§ The problem
Each line in the records below, from the one that contains "(* By Pascal's" to the one that contains "rewrite (act_widen N Q)", should be reproduced exactly, the first and last included.

§ Supplied material

Start of Block

(* Let $p$ be a prime. Every $p^\alpha$-periodic map $\mathbb{Z}\to\mathbb{Z}_{p^\beta}$ ($\alpha,\beta\ge1$) is described by a $\mathbb{Z}_{p^\beta}$-polyfract, i.e. $\mathbb{Z}_{p^\beta}\binom{X}{\mathbb{Z}_{p^\alpha}}=\mathbb{Z}_{p^\beta}^{\mathbb{Z}_{p^\alpha}}$. More generally, if $q_1,\dots,q_n\ge p$ are powers of $p$ and $B$ is a finite commutative $p$-group, then every map $\mathbb{Z}_{q_1}\times\cdots\times\mathbb{Z}_{q_n}\to B$ is polyfractal: $$B\binom{X_1,\dots,X_n}{\mathbb{Z}_{q_1}\times\cdots\times\mathbb{Z}_{q_n}}=B^{\mathbb{Z}_{q_1}\times\cdots\times\mathbb{Z}_{q_n}}.$$
   Context: $\mathbb{Z}_r=\mathbb{Z}/r\mathbb{Z}$; $\binom{X}{\delta}=X(X-1)\cdots(X-\delta+1)/\delta!$, $\binom{X}{0}=1$. For a finitely generated commutative group $B$, a $B$-polyfract in $X_1,\dots,X_n$ is a formal finite sum $P=\sum_{\delta\in\mathbb{N}^n}P_\delta\prod_j\binom{X_j}{\delta_j}$ with $P_\delta\in B$, evaluated at $x\in\mathbb{Z}^n$ by $P(x)=\sum_\delta(\prod_j\binom{x_j}{\delta_j})P_\delta$. Polyfracts are identified with their evaluation maps (which is injective). $B\binom{X_1,\dots,X_n}{\mathbb{Z}_{q_1}\times\cdots\times\mathbb{Z}_{q_n}}$ is the set of $B$-polyfracts whose map on $\mathbb{Z}^n$ is $q_j$-periodic in the $j$-th variable, viewed as maps on $\mathbb{Z}_{q_1}\times\cdots\times\mathbb{Z}_{q_n}$. *)

From HB Require Import structures.
From mathcomp Require Import all_boot all_order all_algebra all_fingroup.
Set Implicit Arguments. Unset Strict Implicit. Unset Printing Implicit Defensive.
Import Order.TTheory GRing.Theory Num.Theory.
Local Open Scope ring_scope.

(* binomz x d = x (x-1) ... (x-d+1) / d!  (computed in rat, this is an integer;
   binomz x 0 = 1).  numq extracts it as an int. *)
Definition binomq (x : int) (d : nat) : rat :=
  (\prod_(i < d) (x%:~R - i%:R)) / (d`!)%:R.
Definition binomz (x : int) (d : nat) : int := numq (binomq x d).

Definition polyfract1 (B : zmodType) (D : nat) (P : 'I_D -> B) (x : int) : B :=
  \sum_(d < D) P d *~ binomz x d.

Definition polyfract (B : zmodType) (n D : nat)
    (P : {ffun 'I_n -> 'I_D} -> B) (x : 'I_n -> int) : B :=
  \sum_(delta : {ffun 'I_n -> 'I_D})
     P delta *~ (\prod_(j < n) binomz (x j) (delta j)).

From HB Require Import structures.
From mathcomp Require Import all_boot all_order all_algebra all_fingroup.
From mathcomp Require Import cyclic ring.
Import Order.TTheory GRing.Theory Num.Theory.
Local Open Scope ring_scope.

(* Let Dif g x = g (x+1) - g x be the forward difference.
   Newton interpolation says that if Dif^N g = 0 then
   g x = sum_(d < N) (Dif^d g)(0) binom(x, d), a polyfract.  To see that
   Dif^N kills a p^a-periodic g with values in a group of exponent p^b, let
   integer polynomials act on functions by shifts (X acts as x |-> x+1), so that
   Dif^N acts as (X - 1)^N.  In Z[X] we have the Frobenius congruence
   (X - 1)^(p^a) = X^(p^a) - 1 + p R, hence
   (X - 1)^(p^a b) = (X^(p^a) - 1) T + p^b R^b: the first summand kills
   p^a-periodic functions and the second kills B-valued ones.

   By induction on n: apply Newton interpolation in the
   first variable; the coefficients (Dif^d g)(0) are periodic functions of the
   remaining n variables, hence polyfracts by induction, and a polyfract in
   n+1 variables splits along its first multi-index coordinate.

   The univariate statement is the case n = 1 of the multivariate one. *)

Lemma int_induction (P : int -> Prop) :
  P 0 -> (forall x, P x -> P (x + 1)) -> (forall x, P (x + 1) -> P x) ->
  forall x, P x.
Proof.
move=> P0 Pup Pdown; elim/int_ind => [//|n Pn|n Pn].
  by rewrite -addn1 PoszD; apply: Pup.
by apply: Pdown; rewrite -addn1 PoszD opprD addrNK.
Qed.

Lemma binomq0 x : binomq x 0 = 1.
Proof. by rewrite /binomq big_ord0 fact0 divr1. Qed.

Lemma binomq0S d : binomq 0 d.+1 = 0.
Proof. by rewrite /binomq big_ord_recl /= subrr !mul0r. Qed.

Lemma binomqS x d : binomq (x + 1) d.+1 = binomq x d.+1 + binomq x d.
Proof.
rewrite /binomq big_ord_recl big_ord_recr /=.
have -> : \prod_(i < d) ((x + 1)%:~R - (bump 0 i)%:R)
          = \prod_(i < d) (x%:~R - i%:R) :> rat.
  by apply: eq_bigr => i _; rewrite /bump /= add1n -addn1 natrD intrD; ring.
have fact_neq0 : (d`!)%:R != 0 :> rat by rewrite pnatr_eq0 -lt0n fact_gt0.
have dS_neq0 : (d%:R + 1) != 0 :> rat by rewrite natr1 pnatr_eq0.
by rewrite factS natrM -natr1 intrD; field; rewrite fact_neq0 dS_neq0.
Qed.

Lemma binomq_int x d : binomq x d = (binomz x d)%:~R.
Proof.
suff [z hz] : exists z : int, binomq x d = z%:~R by rewrite /binomz hz numq_int.
elim: d x => [|d IH]; first by exists 1; rewrite binomq0.
apply: int_induction => [|y [z hz]|y [z hz]].
- by exists 0; rewrite binomq0S.
- by have [w hw] := IH y; exists (z + w); rewrite binomqS hz hw intrD.
- by have [w hw] := IH y; exists (z - w); rewrite intrB -hz binomqS hw addrK.
Qed.

Lemma binomz0 x : binomz x 0 = 1.
Proof. by apply: (@intr_inj rat); rewrite -binomq_int binomq0. Qed.

Lemma binomz0S d : binomz 0 d.+1 = 0.
Proof. by apply: (@intr_inj rat); rewrite -binomq_int binomq0S. Qed.

Lemma binomzS x d : binomz (x + 1) d.+1 = binomz x d.+1 + binomz x d.
Proof. by apply: (@intr_inj rat); rewrite intrD -!binomq_int binomqS. Qed.

Definition Dif (V : zmodType) (g : int -> V) : int -> V :=
  fun x => g (x + 1) - g x.
Arguments Dif {V}.

Lemma eq_from_Dif (V : zmodType) (F G : int -> V) :
  F 0 = G 0 -> (forall x, Dif F x = Dif G x) -> forall x, F x = G x.
Proof.
move=> eq0 eqD; apply: int_induction => // x; have := eqD x; rewrite /Dif.
  by move=> h eqx; rewrite eqx in h; exact: addIr h.
by move=> h eqx1; rewrite eqx1 in h; apply: oppr_inj; exact: addrI h.
Qed.

Lemma iter_Dif_ext (V : zmodType) (g g' : int -> V) :
  (forall t, g t = g' t) -> forall d x, iter d Dif g x = iter d Dif g' x.
Proof. by move=> eqg; elim=> [|d IH] x //=; rewrite /Dif !IH. Qed.

Definition newton (V : zmodType) (g : int -> V) (N : nat) (x : int) : V :=
  \sum_(d < N) iter d Dif g 0 *~ binomz x d.
Arguments newton {V}.

(* By Pascal's rule, differencing a Newton series shifts its coefficients. *)
Lemma Dif_newton (V : zmodType) (g : int -> V) N x :
  Dif (newton g N.+1) x = newton (Dif g) N x.
Proof.
rewrite [LHS]/Dif /newton -sumrB big_ord_recl !binomz0 subrr add0r.
by apply: eq_bigr => i _; rewrite lift0 binomzS mulrzDr addrAC subrr add0r iterSr.
Qed.

Lemma newton_interpolation {V : zmodType} {N : nat} {g : int -> V} :
  (forall x, iter N Dif g x = 0) -> forall x, g x = newton g N x.
Proof.
elim: N g => [|N IH] g gN x; first by rewrite /newton big_ord0; exact: gN.
apply: eq_from_Dif => [|y].
  rewrite /newton big_ord_recl binomz0 big1 ?addr0 // => i _.
  by rewrite lift0 binomz0S mulr0z.
by rewrite Dif_newton -IH // => z; rewrite -iterSr gN.
Qed.

Definition act (B : zmodType) (P : {poly int}) (g : int -> B) (x : int) : B :=
  \sum_(i < size P) g (x + i%:Z) *~ P`_i.
Arguments act {B}.

Section Act.
Variable B : zmodType.
Implicit Types (g : int -> B) (P Q : {poly int}).

Lemma act_widen N P g x : (size P <= N)%N ->
  act P g x = \sum_(i < N) g (x + i%:Z) *~ P`_i.
Proof.
move=> sizeP; rewrite /act (big_ord_widen N (fun i => g (x + i%:Z) *~ P`_i)) //.
rewrite big_mkcond /=; apply: eq_bigr => i _; case: ifP => // /negbT.
by rewrite -leqNgt => iP; rewrite nth_default // mulr0z.
Qed.

Lemma act0 g x : act 0 g x = 0.
Proof. by rewrite /act size_poly0 big_ord0. Qed.

Lemma act1 g x : act 1 g x = g x.
Proof. by rewrite /act size_poly1 big_ord1 coefC /= addr0. Qed.

Lemma actD P Q g x : act (P + Q) g x = act P g x + act Q g x.
Proof.
set N := maxn (size P) (size Q).
rewrite (act_widen N (P + Q)) ?size_polyD // (act_widen N P) ?leq_maxl //.
rewrite (act_widen N Q) ?leq_maxr // -big_split /=.
by apply: eq_bigr => i _; rewrite coefD mulrzDr.
Qed.

Lemma actB P Q g x : act (P - Q) g x = act P g x - act Q g x.
Proof.
rewrite actD; congr (_ + _); rewrite /act size_polyN -sumrN.
by apply: eq_bigr => i _; rewrite coefN mulrNz.
Qed.

Lemma actMn P n g x : act (P *+ n) g x = act P g x *+ n.
Proof. by elim: n => [|n IH]; rewrite ?act0 // !mulrS actD IH. Qed.

Lemma act_XnM k P g x : act ('X^k * P) g x = act P g (x + k%:Z).
Proof.
rewrite (act_widen (k + size P)%N); last first.
  by apply: leq_trans (size_polyMleq _ _) _; rewrite size_polyXn.
rewrite big_split_ord /= big1 ?add0r => [|i _]; last first.
  by rewrite coefXnM ltn_ord mulr0z.
apply: eq_bigr => i _; rewrite coefXnM ltnNge leq_addr /= addKn.
by rewrite PoszD addrA.
Qed.

Lemma act_periodic P g (Q : int) : (forall y, g (y + Q) = g y) ->
  forall x, act P g (x + Q) = act P g x.
Proof. by move=> gQ x; apply: eq_bigr => i _; rewrite addrAC gQ. Qed.

Lemma iter_Dif_act N g x : iter N Dif g x = act (('X - 1) ^+ N) g x.
Proof.
elim: N x => [|N IH] x; first by rewrite expr0 act1.
rewrite iterS /Dif !IH exprS mulrBl mul1r actB.
by have := act_XnM 1 (('X - 1) ^+ N) g x; rewrite expr1 => ->.
Qed.
End Act.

End of Block

§ Answer to the problem
(* By Pascal's rule, differencing a Newton series shifts its coefficients. *)
Lemma Dif_newton (V : zmodType) (g : int -> V) N x :
  Dif (newton g N.+1) x = newton (Dif g) N x.
Proof.
rewrite [LHS]/Dif /newton -sumrB big_ord_recl !binomz0 subrr add0r.
by apply: eq_bigr => i _; rewrite lift0 binomzS mulrzDr addrAC subrr add0r iterSr.
Qed.

Lemma newton_interpolation {V : zmodType} {N : nat} {g : int -> V} :
  (forall x, iter N Dif g x = 0) -> forall x, g x = newton g N x.
Proof.
elim: N g => [|N IH] g gN x; first by rewrite /newton big_ord0; exact: gN.
apply: eq_from_Dif => [|y].
  rewrite /newton big_ord_recl binomz0 big1 ?addr0 // => i _.
  by rewrite lift0 binomz0S mulr0z.
by rewrite Dif_newton -IH // => z; rewrite -iterSr gN.
Qed.

Definition act (B : zmodType) (P : {poly int}) (g : int -> B) (x : int) : B :=
  \sum_(i < size P) g (x + i%:Z) *~ P`_i.
Arguments act {B}.

Section Act.
Variable B : zmodType.
Implicit Types (g : int -> B) (P Q : {poly int}).

Lemma act_widen N P g x : (size P <= N)%N ->
  act P g x = \sum_(i < N) g (x + i%:Z) *~ P`_i.
Proof.
move=> sizeP; rewrite /act (big_ord_widen N (fun i => g (x + i%:Z) *~ P`_i)) //.
rewrite big_mkcond /=; apply: eq_bigr => i _; case: ifP => // /negbT.
by rewrite -leqNgt => iP; rewrite nth_default // mulr0z.
Qed.

Lemma act0 g x : act 0 g x = 0.
Proof. by rewrite /act size_poly0 big_ord0. Qed.

Lemma act1 g x : act 1 g x = g x.
Proof. by rewrite /act size_poly1 big_ord1 coefC /= addr0. Qed.

Lemma actD P Q g x : act (P + Q) g x = act P g x + act Q g x.
Proof.
set N := maxn (size P) (size Q).
rewrite (act_widen N (P + Q)) ?size_polyD // (act_widen N P) ?leq_maxl //.
rewrite (act_widen N Q) ?leq_maxr // -big_split /=.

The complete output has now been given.